Modeling (Training) - Guidelines Panelfit

“In this phase, various modeling techniques are selected and applied and their parameters are calibrated to optimal values. Typically, several techniques exist for the same data mining problem type. Some techniques have specific requirements on the form of data. Therefore, stepping back to the data preparation phase may be necessary. Modeling steps include the selection of the modeling technique, the generation of test design, the creation of models, and the assessment of models.”^[1]

This phase involves several key tasks. Overall, the developer must do the following:

Select the modeling technique that will be used. Depending on the type of technique, consequences such as data inference, obscurity or biases are more or less likely to happen.
Make a decision on the training tool to be used. This enables the developer to measure how well the model can predict history before using it to predict the future. Training always involves running empirical testing with personal data. Sometimes, developers test the model with data that are different from those used to generate it. Therefore, at this stage one might talk about different types of datasets. Sometimes identifying the individuals that the training data relates to might be difficult. This creates issues for fulfilling individuals’ rights that should be addressed appropriately.

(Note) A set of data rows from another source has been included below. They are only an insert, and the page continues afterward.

Lemma dvdp_mup d r : d != 0 -> (forall a, ('X - a%:P) ^+ (mup a d) %| r) -> d %| r.
Proof.
elim: {d}(size d) {-2}d (eqxx (size d)) r => [|n IH] d /eqP sd r d0 dvd_r.
  by move: d0; rewrite -size_poly_eq0 sd.
have [/eqP d1|d1] := eqVneq (size d) 1%N.
  by rewrite (eqp_dvdl _ (_ : d %= 1)) ?dvd1p // -size_poly_eq1 d1.
have [a da] := closed_rootP d d1.
have [d' ed] := factor_theorem d a da.
have d'0 : d' != 0 by apply: contraNneq d0 => d'0; rewrite ed d'0 mul0r.
have mup_d : mup a d = (mup a d').+1.
  by rewrite ed mupM ?polyXsubC_eq0 // (mup_XsubCX 1) eqxx addn1.
have : ('X - a%:P) %| r by rewrite (dvdp_trans _ (dvd_r a)) // mup_d exprS dvdp_mulr.
rewrite dvdp_XsubCl => /factor_theorem [r' er].
rewrite ed er dvdp_mul2r ?polyXsubC_eq0 //; apply: IH => //.
  by move: sd; rewrite ed size_mul ?polyXsubC_eq0 // size_XsubC addn2 => -[->].
move=> a'; have [<-|a'a] := eqVneq a a'.
  by have := dvd_r a; rewrite mup_d exprSr er dvdp_mul2r ?polyXsubC_eq0.
have := dvd_r a'; rewrite ed mupMl ?root_XsubC 1?eq_sym // er.
by rewrite Gauss_dvdpl // coprimep_expl // coprimep_XsubC root_XsubC.
Qed.

Lemma mup_separable_root g a : separable.separable_poly g -> root g a -> mup a g = 1%N.
Proof.
move=> sep_g ga; have g0 : g != 0 by apply: separable.separable_poly_neq0.
apply/eqP; rewrite eqn_leq mup_leq ?separable.separable_nosquare ?size_XsubC //.
by rewrite (mup_geq _ 1 g0) expr1 dvdp_XsubCl.
Qed.

Lemma addr_subr_eq0 (x y : F) : x + y = 0 -> x - y = 0 -> x = 0 /\ y = 0.
Proof.
move=> xDy xBy; have : (x + y) + (x - y) = 0 by rewrite xDy xBy addr0.
rewrite addrACA subrr addr0 -mulr2n => /eqP; rewrite mulrn_eq0 /= => /eqP x0.
by move: xDy; rewrite x0 add0r.
Qed.

(* The two points over a non-branch value of x carry opposite square roots;
   holomorphy at both separates the two summands of the local expansion. *)
Lemma ps_low_branches s1 s2 u c K : c != 0 ->
  (forall j, (j < K)%N -> ps_add s1 (ps_mul s2 (ps_sqrt u c)) j = 0) ->
  (forall j, (j < K)%N -> ps_add s1 (ps_mul s2 (ps_sqrt u (- c))) j = 0) ->
  forall j, (j < K)%N -> s1 j = 0 /\ ps_mul s2 (ps_sqrt u c) j = 0.
Proof.
move=> c0 low_c low_Nc j jK; apply: addr_subr_eq0; first exact: low_c.
by rewrite -ps_mul_sqrtN //; apply: low_Nc.
Qed.

Lemma coef_low_ps_mul q s K : s 0%N != 0 ->
  (forall j, (j < K)%N -> ps_mul (ps_poly q) s j = 0) ->
  forall j, (j < K)%N -> q`_j = 0.
Proof.
move=> s0 low; apply: (@coef_low_mulr _ (ps_trunc K s)); first by rewrite coef_ps_trunc.
by move=> j jK; rewrite -ps_mul_poly_trunc ?low // ltnW.
Qed.

Lemma size_rev_poly_low M p K :
  (forall j, (j < K)%N -> (rev_poly M p)`_j = 0) -> (size p <= M.+1)%N ->
  (size p <= M.+1 - K)%N.
Proof.
move=> low sp; apply/leq_sizeP => i iK.
have [iM|iM] := leqP i M; last exact: (leq_sizeP _ _ sp).
have := low (M - i)%N; rewrite coef_poly subKn // ltnS leq_subr; apply; lia.
Qed.

Lemma qd_ord_ge0_Aff g W a b : b != 0 -> qd_ord_ge g (Aff a b) W 0 ->
  forall j, (j < mup a (qd_den W))%N -> (local_data g (Aff a b) W).1 j = 0.
Proof. by move=> b0 holo j jm; apply: holo; rewrite /local_data b0 /= sub0r opprK ltz_nat. Qed.

Lemma qd_ord_ge0_branch g W a : qd_ord_ge g (Aff a 0) W 0 ->
  forall j, (j + 2 < 2 * mup a (qd_den W))%N -> (local_data g (Aff a 0) W).1 j = 0.
Proof.
move=> holo j jm; apply: holo; rewrite /local_data eqxx /=.
by move: jm; set m := mup a _; clear; lia.
Qed.

Lemma qd_ord_ge0_Inf g W c : qd_valid W -> qd_ord_ge g (Inf c) W 0 ->
  forall j, (j < size (qd_num1 W) + size (qd_numy W) + 9)%N ->
  (local_data g (Inf c) W).1 j = 0.
Proof.
move=> W0 holo j jM; apply: holo; rewrite /local_data /=.
have : (0 < size (qd_den W))%N by rewrite size_poly_gt0.
move: jM; rewrite /qd_num1 /qd_numy /qd_den.
move: (size _) (size _) (size _) => x y z; clear; lia.
Qed.

Lemma holomorphic_size_at_infinity g W c : c != 0 -> qd_valid W ->
  qd_ord_ge g (Inf c) W 0 -> qd_ord_ge g (Inf (- c)) W 0 ->
  (size (qd_num1 W) <= size (qd_den W) - 4)%N /\
  (size (qd_numy W) <= size (qd_den W) - 8)%N.
Proof.
move=> c0 W0 /(qd_ord_ge0_Inf W0) low_c /(qd_ord_ge0_Inf W0) low_Nc.
have {low_c low_Nc}low := ps_low_branches c0 low_c low_Nc.
case: W W0 low => [[p q] d] /=; rewrite /qd_num1 /qd_numy /qd_den /= => d0 low.
have sd : (0 < size d)%N by rewrite size_poly_gt0.
have /size_rev_poly_low sp : forall j, (j < size p + size q + 9)%N -> _ := fun j jK => (low j jK).1.
have /size_rev_poly_low sq := coef_low_ps_mul c0 (fun j jK => (low j jK).2).
move: sp sq sd; set x := size p; set y := size q; set z := size d; clear; lia.
Qed.

Lemma holomorphic_dvdp_unbranched g W a : qd_valid W -> ~~ root g a ->
  (forall P, on_curve g P -> qd_ord_ge g P W 0) ->
  ('X - a%:P) ^+ (mup a (qd_den W)) %| qd_num1 W /\
  ('X - a%:P) ^+ (mup a (qd_den W)) %| qd_numy W.
Proof.
move=> W0 ga holo; set b := sqrtC g.[a]; have b0 : b != 0 by rewrite sqrtC_eq0.
have /(qd_ord_ge0_Aff b0) low_b := holo (Aff a b) (sqrtCK _).
have Nb0 : - b != 0 by rewrite oppr_eq0.
have /(qd_ord_ge0_Aff Nb0) low_Nb := holo (Aff a (- b)) (etrans (sqrrN _) (sqrtCK _)).
move: low_b low_Nb; rewrite /local_data b0 Nb0 /= => low_b low_Nb.
have {low_b low_Nb}low := ps_low_branches b0 low_b low_Nb.
split; apply: dvdp_XsubCX_coef; first by move=> j /low [].
exact: coef_low_ps_mul b0 (fun j jK => (low j jK).2).
Qed.

Lemma comp_polyXsqaddC p a : p \Po ('X ^+ 2 + a%:P) = (p \Po ('X + a%:P)) \Po 'X^2.
Proof. by rewrite -comp_polyA comp_polyD comp_polyX comp_polyC. Qed.

Definition ps_even s : ps F := fun k => s (2 * k)%N.

Section BranchSeries.
Variables (P Q : {poly F}) (Z : ps F).
Hypothesis Z_odd : forall k, odd k -> Z k = 0.

Let S := ps_add (ps_poly (P \Po 'X^2)) (ps_mul (ps_poly (Q \Po 'X^2)) (ps_mul (ps_poly 'X) Z)).

Lemma coef_branch_series n j : (j <= n)%N ->
  S j = (P \Po 'X^2 + 'X * ((Q * ps_trunc n (ps_even Z)) \Po 'X^2))`_j.
Proof.
move=> jn; rewrite /S /ps_add coefD comp_polyM mulrCA.
congr (_ + _); apply: ps_mul_polyE => i ij; rewrite ps_mul_X coefXM.
case: i ij => //= i ij; rewrite coef_comp_poly_Xn // coef_ps_trunc.
case: ifP => [/dvdnP [k ik]|]; last by move/negbT; rewrite dvdn2 negbK => /Z_odd ->.
by rewrite ik mulnK // ifT /ps_even 1?mulnC //; lia.
Qed.

Lemma branch_series_even i : S (2 * i)%N = P`_i.
Proof.
rewrite (coef_branch_series (leqnn _)) coefD coef_comp_poly_Xn // dvdn_mulr // mulKn //.
rewrite coefXM; case: i => [|i]; first by rewrite addr0.
have -> : (2 * i.+1 == 0)%N = false by [].
have -> : (2 * i.+1).-1 = (2 * i).+1 by lia.
by rewrite coef_comp_poly_Xn // dvdn2 /= oddM addr0.
Qed.

Lemma branch_series_odd i : S (2 * i).+1 = ps_mul (ps_poly Q) (ps_even Z) i.
Proof.
rewrite (coef_branch_series (leqnn _)) coefD coef_comp_poly_Xn // dvdn2 /= oddM /= add0r.
by rewrite coefXM /= coef_comp_poly_Xn // dvdn_mulr // mulKn // -ps_mul_poly_trunc //; lia.
Qed.

End BranchSeries.

Lemma separable_divXsubC_root g a : separable.separable_poly g -> root g a ->
  ~~ root (g %/ ('X - a%:P)) a.
Proof.
move=> sep_g ga; have g0 : g != 0 by apply: separable.separable_poly_neq0.
have eg : g = g %/ ('X - a%:P) * ('X - a%:P) by rewrite divpK // dvdp_XsubCl.
have g10 : g %/ ('X - a%:P) != 0 by apply: contraNneq g0 => g10; rewrite eg g10 mul0r.
have := mup_separable_root sep_g ga; rewrite {1}eg mupM ?polyXsubC_eq0 //.
rewrite (mup_XsubCX 1) eqxx addn1 => -[]; apply: contra_eqN.
by rewrite -dvdp_XsubCl (XsubC_dvd _ g10) => /prednK <-.
Qed.

Lemma holomorphic_dvdp_branched g W a : separable.separable_poly g ->
  qd_valid W -> root g a -> (forall P, on_curve g P -> qd_ord_ge g P W 0) ->
  ('X - a%:P) ^+ (mup a (qd_den W)).-1 %| qd_num1 W /\
  ('X - a%:P) ^+ (mup a (qd_den W)).-1 %| qd_numy W.
Proof.
move=> sep_g W0 ga holo.
have on_a0 : on_curve g (Aff a 0) by rewrite /= expr0n; apply/esym/eqP.
have /qd_ord_ge0_branch low := holo _ on_a0.
move: low; rewrite /local_data eqxx /= !comp_polyXsqaddC.
set z := sqrtC _; set Z := ps_sqrt _ z; set m := mup a _ => low.
pose P := qd_num1 W \Po ('X + a%:P); pose Q := qd_numy W \Po ('X + a%:P).
have Z_odd : forall k, odd k -> Z k = 0.
  by apply: ps_sqrt_odd => k k_odd; rewrite /ps_poly coef_comp_poly_Xn // dvdn2 k_odd.
split; apply: dvdp_XsubCX_coef.
  by move=> i im; rewrite -(branch_series_even P Q Z_odd) low //; lia.
apply: (@coef_low_ps_mul _ (ps_even Z)) => [|i im].
  by rewrite /ps_even muln0 /Z ps_sqrt0 /z sqrtC_eq0; exact: separable_divXsubC_root.
by rewrite -(branch_series_odd P Q Z_odd) low //; lia.
Qed.

Lemma size_cofactor p d g (P : {poly F}) k : g != 0 -> d != 0 -> p * g = P * d ->
  (size p <= size d - k)%N -> (size P <= size g - k)%N.
Proof.
move=> g0 d0 pgPd sp; have [p0|p0] := eqVneq p 0.
  move: pgPd; rewrite p0 mul0r => /esym/eqP; rewrite mulf_eq0 (negPf d0) orbF.
  by move=> /eqP ->; rewrite size_poly0.
have P0 : P != 0 by apply: contraNneq (mulf_neq0 p0 g0) => P0; rewrite pgPd P0 mul0r.
have := congr1 (fun r : {poly F} => size r) pgPd; rewrite /= !size_mul //.
have := size_poly_gt0 p; have := size_poly_gt0 P; rewrite p0 P0.
move: sp; set x := size p; set y := size P; set z := size d; set t := size g; lia.
Qed.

These are the main actions that need to be addressed in this stage

References

¹Shearer, C. (2000) ‘The CRISP-DM model: the new blueprint for data mining’, Journal of Data Warehousing 5(4): 13-23, p.17. Available at: https://mineracaodedados.files.wordpress.com/2012/04/the-crisp-dm-model-the-new-blueprint-for-data-mining-shearer-colin.pdf (accessed 15 May 2020). ↑

Checklist: Modelling (training)

☐ The controllers have determined the purpose of the AI system’s use at the outset of its training or deployment, and performed a re-assessment of this determination if the system’s processing threw up unexpected results

☐ The controllers have purged the data used during the training phase of all information not strictly necessary for training of the model.

☐ The controllers have considered implementing technical tools that might serve well to detect biases, such as the Algorithmic Impact Assessment

☐ The controllers have considered conducting a DPIA at this stage

☐ The controllers have ensured that they are able to respond to data subjects’ requests to exceptions to the right to access apply.

☐ The controllers can guarantee the right of rectification of the data, especially those generated by the inferences and profiles drawn up by the AI development.

☐ The controllers are able to respond to requests for erasure, unless a relevant exemption applies and provided the data subject has appropriate grounds.